In this vast canvas Orazio Gentileschi depicts the Old Testament story of the Finding of Moses (Exodus 2:2-10). When Pharaoh decreed that all newborn sons of Hebrews should be killed, the infant Moses was placed by his mother in a basket and hidden in bulrushes to ensure his safety.
Here, nine elegant female figures crowd around the basket at the heart of the composition. The woman in the magnificent yellow gown embellished with jewels is Pharaoh’s daughter. The diminutive figure kneeling respectfully at lower left is Moses’s sister Miriam, and beside her, dressed in red and white, is her mother.
The Finding of Moses was commissioned by Charles I of England for his wife, Queen Henrietta Maria, almost certainly to celebrate the birth of their son and heir, the future Charles II. It originally hung in the Queen’s House at Greenwich, on the banks of the River Thames. This location is reflected in the lush green landscape, which looks far more like England than Egypt where the story is set.
In this vast canvas Orazio Gentileschi depicts the Old Testament story of the Finding of Moses (Exodus 2:2-10). When Pharaoh decreed that all newborn sons of Hebrews should be killed, the infant Moses was placed by his mother in a basket and hidden in bulrushes to ensure his safety. Moses’s sister Miriam hid nearby and watched as Pharaoh’s daughter came to bathe in the River Nile, accompanied by her ladies-in-waiting. Upon finding the basket, and the infant inside, Pharaoh’s daughter proposed to take him back to the palace. Miriam came forward and, having offered to find someone to help nurse the baby, fetched her own – and Moses’s – mother. Pharaoh’s daughter named the infant Moses, which means ‘to draw out’, since she had drawn him out of the water.

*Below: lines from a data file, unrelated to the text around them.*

Definition vanishing (u : nat -> R) :=
  forall e, 0 < e -> exists N, forall k, (N <= k)%N -> u k < e.

Lemma vanishingS (u : nat -> R) : vanishing (fun k => u k.+1) <-> vanishing u.
Proof.
split=> hu e e_gt0; have [N hN] := hu e e_gt0.
  by exists N.+1 => -[|k] // hk; apply: hN.
by exists N => k hk; apply: hN; apply: leqW.
Qed.

Lemma vanishing_le (u v : nat -> R) (c : R) (N : nat) : 0 <= c ->
  (forall k, (N <= k)%N -> v k <= c * u k) -> vanishing u -> vanishing v.
Proof.
move=> c_ge0 hvu hu e e_gt0.
have [N' hN'] := hu (e / (c + 1)) (divr_gt0 e_gt0 (ltr_wpDl c_ge0 ltr01)).
exists (maxn N N') => k; rewrite geq_max => /andP[hNk hN'k].
apply: le_lt_trans (hvu k hNk) _.
apply: le_lt_trans (_ : c * (e / (c + 1)) < e).
  by rewrite ler_wpM2l // ltW // hN'.
by rewrite mulrA ltr_pdivrMr; [nra | lra].
Qed.

Lemma vanishingD (u v : nat -> R) :
  vanishing u -> vanishing v -> vanishing (fun k => u k + v k).
Proof.
move=> hu hv e e_gt0.
have [N1 hN1] := hu (e / 2) (divr_gt0 e_gt0 (ltr0Sn _ 1)).
have [N2 hN2] := hv (e / 2) (divr_gt0 e_gt0 (ltr0Sn _ 1)).
exists (maxn N1 N2) => k; rewrite geq_max => /andP[h1 h2].
by have := hN1 k h1; have := hN2 k h2; lra.
Qed.

Lemma vanishing_sufficient_decrease (f d : nat -> R) (gam : R) : 0 < gam ->
  (forall k, 0 <= f k) -> (forall k, f k.+1 <= f k - gam * d k) ->
  (forall k, 0 <= d k) -> vanishing d.
Proof.
move=> gam_gt0 f_ge0 f_decr d_ge0 e e_gt0.
have f_noninc k j : (k <= j)%N -> f j <= f k.
  move=> /subnK <-; elim: (j - k)%N => [|i IH]; rewrite ?add0n // addSn.
  by apply: le_trans IH; have := f_decr (i + k)%N; have := d_ge0 (i + k)%N; nra.
(* [- f] is bounded above, so its values eventually stall within [gam * e] of the supremum *)
set E := [set r | exists k, r = - f k].
have E_sup : has_sup E.
  split; first by exists (- f 0%N); exists 0%N.
  by exists 0 => _ [k ->]; rewrite oppr_le0.
have [_ [N ->] hN] := sup_adherent (mulr_gt0 gam_gt0 e_gt0) E_sup.
exists N => k hk.
have : - f k.+1 <= sup E by apply: (ub_le_sup E_sup.2); exists k.+1.
have := f_noninc N k hk; have := f_decr k.
by rewrite -(ltr_pM2l gam_gt0); lra.
Qed.

Lemma fin_gt0_lbound (T : finType) (F : T -> R) :
  exists2 e : R, 0 < e & forall t, 0 < F t -> e < F t.
Proof.
set G := fun t => if 0 < F t then (F t)^-1 else 0.
have G_ge0 t : 0 <= G t by rewrite /G; case: ifP => // /ltW; rewrite invr_ge0.
have sumG_ge0 : 0 <= \sum_t G t by apply: sumr_ge0.
exists (1 + \sum_t G t)^-1; first by rewrite invr_gt0; lra.
move=> t Ft_gt0.
have : G t <= \sum_t G t by rewrite (bigD1 t) //= lerDl sumr_ge0.
rewrite /G Ft_gt0 => hG.
by rewrite -ltf_pV2 ?posrE ?invr_gt0 ?invrK //; lra.
Qed.

Variable n : nat.
Implicit Types x e f : nat -> 'cV[R]_n.

Lemma vanishing_cvg x (q : 'cV[R]_n) :
  vanishing (fun k => sqnorm (x k - q)) -> x @ \oo --> q.
Proof.
move=> hx; apply/cvgrPdist_lt => e e_gt0.
have [N hN] := hx (e ^+ 2) (exprn_gt0 _ e_gt0).
exists N => // k /= hk; change (mx_norm (q - x k) < e).
have [->|/mx_norm_neq0 [[i j] ->]] := eqVneq (mx_norm (q - x k)) 0; first by [].
rewrite /= (ord1 j) -(ltr_pXn2r (_ : (0 < 2)%N)) ?nnegrE ?normr_ge0 ?ltW //.
rewrite real_normK ?num_real //; apply: le_lt_trans (hN k hk).
by rewrite sqnormBC sqr_coord_le_sqnorm.
Qed.

Lemma sqnorm_le_vanishing (w u : 'cV[R]_n) e f :
  (forall k, sqnorm (w + e k) <= sqnorm (u + f k)) ->
  vanishing (fun k => sqnorm (e k)) -> vanishing (fun k => sqnorm (f k)) ->
  sqnorm w <= sqnorm u.
Proof.
move=> hwu he hf; apply/ler_addgt0Pr => d d_gt0.
set W := sqnorm w; set U := sqnorm u.
have W_ge0 : 0 <= W by apply: sqnorm_ge0.
have U_ge0 : 0 <= U by apply: sqnorm_ge0.
set eta := d / (2 * (W + U + 1)).
have eta_gt0 : 0 < eta by rewrite divr_gt0 //; lra.
have etaE : eta * (2 * (W + U + 1)) = d by rewrite /eta; field; lra.
set eps := eta * d / (4 * (1 + eta)).
have eps_gt0 : 0 < eps by apply: divr_gt0; [exact: mulr_gt0 | lra].
have epsE : eps * (4 * (1 + eta)) = eta * d by rewrite /eps; field; lra.
have [K hK] := vanishingD he hf eps_gt0.
have hKf : sqnorm (f K) < eps.
  by apply: le_lt_trans (hK K (leqnn K)); rewrite lerDr sqnorm_ge0.
have {}hK := hK K (leqnn K).
set E := sqnorm (e K) in hK; set F := sqnorm (f K) in hK hKf.
(* expand both squares and absorb the cross terms by Young's inequality with weight [eta] *)
have := hwu K; rewrite !sqnormD -/W -/U -/E -/F => h.
have h1 := dot_young u (f K) eta_gt0.
have h2 := dot_young w (- e K) eta_gt0; rewrite dotNr sqnormN -/E -/F -/W -/U in h1 h2.
have hEF : (E + F) / eta <= d / 2 - eps.
  by rewrite ler_pdivrMr //; nra.
have hEF' : E / eta + F / eta = (E + F) / eta by rewrite mulrDl.
have hWU : eta * W + eta * U + eta = d / 2 by rewrite -etaE; field.
have E_ge0 : 0 <= E by apply: sqnorm_ge0.
lra.
Qed.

This monumental painting is composed of nine life-size female figures who crowd around the basket at the heart of the composition. Just plucked from the water, it is in this basket that we see Moses, plump and wriggling, on a crumpled white sheet. Several of the women lean forward to gaze at this surprising discovery: two at the right gesture towards the river, indicating where the basket was found. The woman in the magnificent yellow gown embellished with jewels is Pharaoh’s daughter. The diminutive figure kneeling respectfully at lower left is Miriam, and beside her – dressed in red and white, and drawing a protective arm around her – is her mother.

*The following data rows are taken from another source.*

Lemma in_ME x : in_M p sigma g x <->
  exists2 q : {poly int}, (size q <= p)%N & cls_eq p x (act q).
Proof.
split=> [[c x_c]|[q le_qp x_q]].
  exists (\poly_(i < p) odflt 0 (omap (fun j : 'I_p => (c j)%:Z) (insub i))).
    exact: size_poly.
  apply: cls_trans x_c _; rewrite -(pact_widen sigma g (size_poly _ _)).
  under [X in cls_eq _ _ X]eq_bigr => i _ do rewrite coef_poly ltn_ord valK.
  exact: cls_refl.
exists (fun i : 'I_p => `|(q`_i %% p)%Z|%N).
apply: cls_trans x_q _; rewrite -(pact_widen sigma g le_qp).
apply: (big_ind2 (cls_eq p)) => [|x1 y1 x2 y2|i _]; first exact: cls_refl.
  exact: cls_mul.
by apply: (cls_expz_modp p_gt0); rewrite iter_fmorph_eq0.
Qed.

Local Notation h := (rhoi sigma n.-1 g).

Lemma socle_in_M k : (n <= p)%N -> in_M p sigma g (h ^+ k).
Proof.
move=> le_np; apply/in_ME; exists (k%:Z *: Y ^+ n.-1).
  apply: leq_trans (size_scale_leq _ _) _.
  by rewrite -polyC1 size_exp_XsubC prednK.
by rewrite pactZl -rhoi_pact //; apply: cls_refl.
Qed.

Having enjoyed an international career, working in cities such as Rome, Genoa, Turin and Paris, Orazio arrived in London in 1626 to assume a position at the court of the newly crowned King Charles I. It was here, in the early 1630s, that he was commissioned to paint The Finding of Moses for Charles’s wife, Queen Henrietta Maria. The painting was almost certainly intended to celebrate the birth of their son and heir, the future Charles II. The Finding of Moses certainly had special significance for Henrietta Maria since she reclaimed the painting as her personal property after the Restoration and kept it in her private apartments. A closely related variant – today in the Museo del Prado, Madrid – was sent by Orazio as a gift to Philip IV of Spain in 1633, probably to commemorate the birth of Philip’s own heir in 1629.

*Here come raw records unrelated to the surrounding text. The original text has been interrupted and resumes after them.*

Variables (s t : nat -> M) (L : nat).
Hypotheses (Hs : mult_from L s) (Ht : mult_from L t)
  (Hst : forall n, L <= n -> s (3 * n) = t (2 * n)).

Lemma root_trade c u b : L <= c -> L <= u -> L <= b ->
  mul (s (c + 3 * u)) (t b) = mul (s c) (t (2 * u + b)).
Proof. intros; rewrite Hs, Ht, Hst by lia; now rewrite <- mulA. Qed.

Lemma root_term_invariant a b a' b' :
  4 * L <= a -> 4 * L <= b -> 4 * L <= a' -> 4 * L <= b' ->
  2 * a + 3 * b = 2 * a' + 3 * b' -> mul (s a) (t b) = mul (s a') (t b').
Proof.
  assert (ordered : forall a b a' b', 4 * L <= a' -> 4 * L <= b -> b <= b' ->
            2 * a + 3 * b = 2 * a' + 3 * b' -> mul (s a) (t b) = mul (s a') (t b')).
  { intros a0 b0 a0' b0' Ha' Hb Hbb E.
    assert (exists v, b0' = b0 + 2 * v /\ a0 = a0' + 3 * v) as (v & -> & ->).
    { destruct (Nat.Even_or_Odd (b0' - b0)) as [[v Hv] | [v Hv]]; [exists v |]; lia. }
    transitivity (mul (s (a0' - 3 * L)) (t (2 * L + (b0 + 2 * v)))).
    - replace (a0' + 3 * v) with (a0' - 3 * L + 3 * (L + v)) by lia.
      rewrite root_trade by lia; do 2 f_equal; lia.
    - rewrite <- root_trade by lia; do 2 f_equal; lia. }
  intros; destruct (Nat.le_ge_cases b b').
  - apply ordered; lia.
  - symmetry; apply ordered; lia.
Qed.

Definition root_seq (n : nat) : M :=
  mul (s (split2 (4 * L) n)) (t (split3 (4 * L) n)).

Lemma root_seq_spec n : 20 * L + 2 <= n -> exists a b,
  4 * L <= a /\ 4 * L <= b /\ n = 2 * a + 3 * b /\ root_seq n = mul (s a) (t b).
Proof.
  intros Hn; destruct (split23_spec (4 * L) n) as (Ha & Hb & En); [lia |].
  exists (split2 (4 * L) n), (split3 (4 * L) n); auto.
Qed.

Lemma root_seq_mult : mult_from (20 * L + 2) root_seq.
Proof.
  intros m n Hm Hn.
  destruct (root_seq_spec m) as (a1 & b1 & ? & ? & ? & ->); [lia |].
  destruct (root_seq_spec n) as (a2 & b2 & ? & ? & ? & ->); [lia |].
  destruct (root_seq_spec (m + n)) as (a3 & b3 & ? & ? & ? & ->); [lia |].
  rewrite mulACA, <- Hs, <- Ht by lia.
  apply root_term_invariant; lia.
Qed.

Lemma root_seq_square : ev_eq s (fun n => pw (root_seq n) 2).
Proof.
  exists (20 * L + 2); intros n Hn.
  rewrite (mult_from_pw _ _ root_seq_mult) by lia.
  destruct (root_seq_spec (2 * n)) as (a & b & ? & ? & ? & ->); [lia |].
  replace n with (n - 12 * L + 3 * (4 * L)) at 1 by lia.
  rewrite Hs, Hst by lia.
  apply root_term_invariant; lia.
Qed.

Lemma root_seq_cube : ev_eq t (fun n => pw (root_seq n) 3).
Proof.
  exists (20 * L + 2); intros n Hn.
  rewrite (mult_from_pw _ _ root_seq_mult) by lia.
  destruct (root_seq_spec (3 * n)) as (a & b & ? & ? & ? & ->); [lia |].
  replace n with (2 * (4 * L) + (n - 8 * L)) at 1 by lia.
  rewrite Ht, <- Hst by lia.
  apply root_term_invariant; lia.
Qed.

End Root.

Lemma ev_cube_square_root s t : ev_mult s -> ev_mult t ->
  ev_eq (fun n => pw (s n) 3) (fun n => pw (t n) 2) ->
  exists z, ev_mult z /\ ev_eq s (fun n => pw (z n) 2) /\ ev_eq t (fun n => pw (z n) 3).
Proof.
  intros [Ns Hs] [Nt Ht] [K H].
  set (L := Ns + Nt + K).
  assert (Hs' : mult_from L s) by (apply (mult_from_mono Ns); [lia | exact Hs]).
  assert (Ht' : mult_from L t) by (apply (mult_from_mono Nt); [lia | exact Ht]).
  assert (Hst : forall n, L <= n -> s (3 * n) = t (2 * n)).
  { intros n Hn; rewrite <- (mult_from_pw L s Hs'), <- (mult_from_pw L t Ht'), H by lia.
    reflexivity. }
  exists (root_seq s t L); repeat split.
  - exists (20 * L + 2); exact (root_seq_mult s t L Hs' Ht' Hst).
  - exact (root_seq_square s t L Hs' Ht' Hst).
  - exact (root_seq_cube s t L Hs' Ht' Hst).
Qed.

End Sequences.

Record emseq (M : pcmon) := EmSeq { em_fun :> nat -> M; em_mult : ev_mult em_fun }.

Arguments EmSeq {M} _ _.
Arguments em_mult {M} _.

Section EventuallyMultiplicative.

Context {M : pcmon}.

Lemma emseq_ext (x y : emseq M) : (forall n, x n = y n) -> x = y.
Proof.
  destruct x as [s Hs], y as [t Ht]; simpl; intros E.
  apply functional_extensionality in E; subst t; f_equal; apply proof_irrelevance.
Qed.

Lemma ev_mult_idem (c : M) : mul c c = c -> ev_mult (fun _ => c).
Proof. intros Hc; exists 0; intros m n _ _; symmetry; exact Hc. Qed.

Lemma ev_mult_mul (s t : nat -> M) : ev_mult s -> ev_mult t ->
  ev_mult (fun n => mul (s n) (t n)).
Proof.
  intros [N Hs] [N' Ht]; exists (N + N'); intros m n Hm Hn.
  rewrite Hs, Ht by lia; apply mulACA.
Qed.

Lemma ev_mult_pw (a : M) : ev_mult (pw a).
Proof. exists 0; intros m n _ _; apply pw_add. Qed.

Definition emseq_mul (x y : emseq M) : emseq M :=
  EmSeq (fun n => mul (x n) (y n)) (ev_mult_mul x y (em_mult x) (em_mult y)).

Definition emseq_pcmon : pcmon.
Proof.
  refine (PCMon (emseq M) emseq_mul
    (EmSeq (fun _ => one) (ev_mult_idem one (mul1x _ one)))
    (EmSeq (fun _ => zero) (ev_mult_idem zero (mul0x _ zero))) _ _ _ _);
    intros; apply emseq_ext; intros n; simpl.
  - apply mulA.
  - apply mulC.
  - apply mul1x.
  - apply mul0x.
Defined.

Definition em_coord (n : nat) : hom emseq_pcmon M :=
  Hom emseq_pcmon M (fun x => x n) eq_refl eq_refl (fun _ _ => eq_refl).

Lemma em_pw (x : emseq_pcmon) k n : pw x k n = pw (x n) k.
Proof. exact (hom_pw (em_coord n) x k). Qed.

Definition ev_eq_congruence : congruence emseq_pcmon.
Proof.
  refine (Congruence emseq_pcmon (fun x y => ev_eq x y) _ _ _ _).
  - intros x; exists 0; auto.
  - intros x y [N E]; exists N; intros n Hn; symmetry; auto.
  - intros x y z [N E] [N' E']; exists (N + N'); intros n Hn.
    rewrite E, E' by lia; reflexivity.
  - intros x x' y y' [N E] [N' E']; exists (N + N'); intros n Hn; simpl.
    rewrite E, E' by lia; reflexivity.
Defined.

End EventuallyMultiplicative.

Arguments emseq_pcmon : clear implicits.

Lemma ev_mult_hom {A B : pcmon} (f : hom A B) (s : nat -> A) :
  ev_mult s -> ev_mult (fun n => f (s n)).
Proof. intros [N Hs]; exists N; intros m n Hm Hn; rewrite Hs by assumption; apply homM. Qed.

Definition emseq_map {A B : pcmon} (f : hom A B) : hom (emseq_pcmon A) (emseq_pcmon B).
Proof.
  refine (Hom (emseq_pcmon A) (emseq_pcmon B)
    (fun x : emseq A => EmSeq (fun n => f (x n)) (ev_mult_hom f x (em_mult x))) _ _ _).
  - apply emseq_ext; intros; apply hom0.
  - apply emseq_ext; intros; apply hom1.
  - intros x y; apply emseq_ext; intros; apply homM.
Defined.

Definition sn (M : pcmon) : pcmon := quot_pcmon (@ev_eq_congruence M).

Definition sn_proj (M : pcmon) : hom (emseq_pcmon M) (sn M) := quot_proj _.

Arguments sn_proj {M}.

Section Seminormalization.

Context {M : pcmon}.

Lemma sn_ind (P : sn M -> Prop) : (forall x, P (sn_proj x)) -> forall q, P q.
Proof. apply quot_proj_ind. Qed.

Lemma sn_proj_eq (x y : emseq_pcmon M) : sn_proj x = sn_proj y <-> ev_eq x y.
Proof. apply quot_proj_eq. Qed.

Lemma sn_proj_zero (x : emseq_pcmon M) : sn_proj x = zero <-> ev_eq x (fun _ => zero).
Proof. rewrite <- (hom0 _ _ sn_proj); apply sn_proj_eq. Qed.

Lemma sn_proj_pw_eq (x y : emseq_pcmon M) k :
  sn_proj x = pw (sn_proj y) k <-> ev_eq x (fun n => pw (y n) k).
Proof.
  rewrite <- hom_pw, sn_proj_eq; unfold ev_eq; setoid_rewrite em_pw; reflexivity.
Qed.

Lemma sn_pw_eq (x y : emseq_pcmon M) j k :
  pw (sn_proj x) j = pw (sn_proj y) k <->
  ev_eq (fun n => pw (x n) j) (fun n => pw (y n) k).
Proof.
  rewrite <- !hom_pw, sn_proj_eq; unfold ev_eq; setoid_rewrite em_pw; reflexivity.
Qed.

Lemma sn_proj_nonzero (x : emseq_pcmon M) : sn_proj x <> zero ->
  exists N, forall n, N <= n -> x n <> zero.
Proof. rewrite sn_proj_zero; apply ev_mult_nonzero, em_mult. Qed.

Lemma sn_seminormal : seminormal (sn M).
Proof.
  split.
  - intros a b; induction a using sn_ind; induction b using sn_ind.
    rewrite !sn_pw_eq, sn_proj_eq; apply ev_eq_of_squares_cubes; apply em_mult.
  - intros a b; induction a using sn_ind; induction b using sn_ind.
    rewrite sn_pw_eq; intros H.
    destruct (ev_cube_square_root a b (em_mult a) (em_mult b) H) as (z & Hz & Hsq & Hcube).
    exists (sn_proj (EmSeq z Hz)); rewrite !sn_proj_pw_eq; auto.
Qed.

Lemma sn_cancellative : cancellative M -> cancellative (sn M).
Proof.
  intros HM a b c; induction a using sn_ind; induction b using sn_ind;
    induction c using sn_ind.
  rewrite <- !homM, !sn_proj_eq; intros [K E] Hc.
  destruct (sn_proj_nonzero c Hc) as [N Hnz]; exists (K + N); intros n Hn.
  apply (HM _ _ (c n)); [exact (E n ltac:(lia)) | apply Hnz; lia].
Qed.

Lemma sn_torsionfree : torsionfree M -> torsionfree (sn M).
Proof.
  intros HM a b k Hk; induction a using sn_ind; induction b using sn_ind.
  rewrite sn_pw_eq, sn_proj_eq; intros [N E]; exists N; intros n Hn.
  exact (HM _ _ k Hk (E n Hn)).
Qed.

End Seminormalization.

Definition sn_eta (M : pcmon) : hom M (sn M).
Proof.
  refine (Hom M (sn M) (fun a => sn_proj (EmSeq (pw a) (ev_mult_pw a))) _ _ _).
  - apply sn_proj_zero; exists 1; intros n Hn; apply pw_zero; exact Hn.
  - rewrite <- (hom1 _ _ sn_proj); f_equal; apply emseq_ext; intros n; apply pw_one.
  - intros a b; rewrite <- homM; f_equal; apply emseq_ext; intros n; apply pw_mul.
Defined.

Together with Anthony van Dyck and Peter Paul Rubens, Orazio was one of the leading international painters who came to work at the court of Charles I in England. The paintings he produced in London are characterised by their rich colouring, skilful rendering of luxurious fabrics and courtly elegance. Of all his royal commissions, The Finding of Moses is the most ambitious and displays unparalleled refinement and beauty. Indeed, the women’s gowns are so exquisitely depicted here that they almost eclipse the painting’s narrative content. The idyllic landscape on the right, with its gentle slopes and lush green trees, is more evocative of the English countryside than Egypt where the story of Moses is set. This was a deliberate decision on Orazio’s part, for the painting originally hung in the Queen’s House at Greenwich, on the banks of the River Thames, where he also decorated the ceiling in the Great Hall (possibly with his daughter, Artemisia, who briefly joined him in London in the late 1630s).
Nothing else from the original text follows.